• [Exercise objective]: For the listing below, output exactly the lines from the line with "have gj_o0 : g (elt j) != elt o0." up to and including the line with "have [-> | /shift_set_moved", and no other lines.

(Beginning of Data excerpts)

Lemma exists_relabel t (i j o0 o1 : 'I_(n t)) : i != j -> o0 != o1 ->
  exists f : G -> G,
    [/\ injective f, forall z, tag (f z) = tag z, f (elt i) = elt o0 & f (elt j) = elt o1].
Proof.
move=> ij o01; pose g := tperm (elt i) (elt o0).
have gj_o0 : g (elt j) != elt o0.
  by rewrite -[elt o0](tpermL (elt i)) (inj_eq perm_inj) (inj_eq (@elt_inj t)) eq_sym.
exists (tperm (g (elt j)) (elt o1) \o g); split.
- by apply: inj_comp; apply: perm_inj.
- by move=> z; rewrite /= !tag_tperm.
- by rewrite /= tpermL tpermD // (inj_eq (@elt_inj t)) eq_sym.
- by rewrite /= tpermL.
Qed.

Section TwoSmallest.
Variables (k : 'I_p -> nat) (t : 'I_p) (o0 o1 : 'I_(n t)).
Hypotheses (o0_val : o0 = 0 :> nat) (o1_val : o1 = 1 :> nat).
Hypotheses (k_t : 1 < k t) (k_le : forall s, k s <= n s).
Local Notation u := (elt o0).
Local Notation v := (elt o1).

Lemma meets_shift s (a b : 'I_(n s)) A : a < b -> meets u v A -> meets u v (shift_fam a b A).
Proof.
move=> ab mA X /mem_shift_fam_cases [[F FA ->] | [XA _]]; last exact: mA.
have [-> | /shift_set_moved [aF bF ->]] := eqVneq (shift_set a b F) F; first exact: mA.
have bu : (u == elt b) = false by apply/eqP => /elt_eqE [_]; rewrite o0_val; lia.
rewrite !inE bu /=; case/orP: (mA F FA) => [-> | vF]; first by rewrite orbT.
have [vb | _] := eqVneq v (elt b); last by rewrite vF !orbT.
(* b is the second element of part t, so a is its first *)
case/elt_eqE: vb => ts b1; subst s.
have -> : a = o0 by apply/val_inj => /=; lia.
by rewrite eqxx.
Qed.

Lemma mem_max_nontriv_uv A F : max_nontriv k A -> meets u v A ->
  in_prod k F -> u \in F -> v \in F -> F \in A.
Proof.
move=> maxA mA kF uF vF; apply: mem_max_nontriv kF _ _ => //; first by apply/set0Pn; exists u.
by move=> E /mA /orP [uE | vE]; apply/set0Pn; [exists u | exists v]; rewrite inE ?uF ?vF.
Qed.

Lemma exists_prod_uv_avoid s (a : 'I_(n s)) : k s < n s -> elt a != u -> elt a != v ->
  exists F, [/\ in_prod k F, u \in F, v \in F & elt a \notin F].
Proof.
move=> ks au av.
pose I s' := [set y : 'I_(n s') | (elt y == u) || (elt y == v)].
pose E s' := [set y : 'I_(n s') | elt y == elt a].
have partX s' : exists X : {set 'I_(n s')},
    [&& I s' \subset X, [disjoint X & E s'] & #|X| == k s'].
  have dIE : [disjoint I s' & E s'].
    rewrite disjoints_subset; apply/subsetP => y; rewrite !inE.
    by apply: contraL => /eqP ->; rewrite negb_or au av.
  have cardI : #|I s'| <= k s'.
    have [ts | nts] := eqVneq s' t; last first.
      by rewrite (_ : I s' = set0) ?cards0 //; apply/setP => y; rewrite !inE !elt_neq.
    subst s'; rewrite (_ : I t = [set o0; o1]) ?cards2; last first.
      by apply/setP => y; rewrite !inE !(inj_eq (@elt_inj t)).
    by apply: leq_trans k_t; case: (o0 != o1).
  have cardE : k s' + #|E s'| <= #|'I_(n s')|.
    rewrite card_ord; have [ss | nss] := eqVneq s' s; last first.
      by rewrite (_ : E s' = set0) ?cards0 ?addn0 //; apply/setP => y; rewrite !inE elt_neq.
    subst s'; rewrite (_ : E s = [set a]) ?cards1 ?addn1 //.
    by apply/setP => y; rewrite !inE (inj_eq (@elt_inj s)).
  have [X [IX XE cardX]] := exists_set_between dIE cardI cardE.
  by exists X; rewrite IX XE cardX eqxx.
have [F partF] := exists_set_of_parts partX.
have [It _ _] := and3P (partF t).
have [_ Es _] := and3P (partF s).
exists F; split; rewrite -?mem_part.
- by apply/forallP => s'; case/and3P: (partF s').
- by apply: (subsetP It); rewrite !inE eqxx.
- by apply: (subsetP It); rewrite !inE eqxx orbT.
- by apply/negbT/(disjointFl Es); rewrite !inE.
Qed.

(End of Data excerpts)

• [Answer to this problem]:
have gj_o0 : g (elt j) != elt o0.
  by rewrite -[elt o0](tpermL (elt i)) (inj_eq perm_inj) (inj_eq (@elt_inj t)) eq_sym.
exists (tperm (g (elt j)) (elt o1) \o g); split.
- by apply: inj_comp; apply: perm_inj.
- by move=> z; rewrite /= !tag_tperm.
- by rewrite /= tpermL tpermD // (inj_eq (@elt_inj t)) eq_sym.
- by rewrite /= tpermL.
Qed.

Section TwoSmallest.
Variables (k : 'I_p -> nat) (t : 'I_p) (o0 o1 : 'I_(n t)).
Hypotheses (o0_val : o0 = 0 :> nat) (o1_val : o1 = 1 :> nat).
Hypotheses (k_t : 1 < k t) (k_le : forall s, k s <= n s).
Local Notation u := (elt o0).
Local Notation v := (elt o1).

Lemma meets_shift s (a b : 'I_(n s)) A : a < b -> meets u v A -> meets u v (shift_fam a b A).
Proof.
move=> ab mA X /mem_shift_fam_cases [[F FA ->] | [XA _]]; last exact: mA.
have [-> | /shift_set_moved [aF bF ->]] := eqVneq (shift_set a b F) F; first exact: mA.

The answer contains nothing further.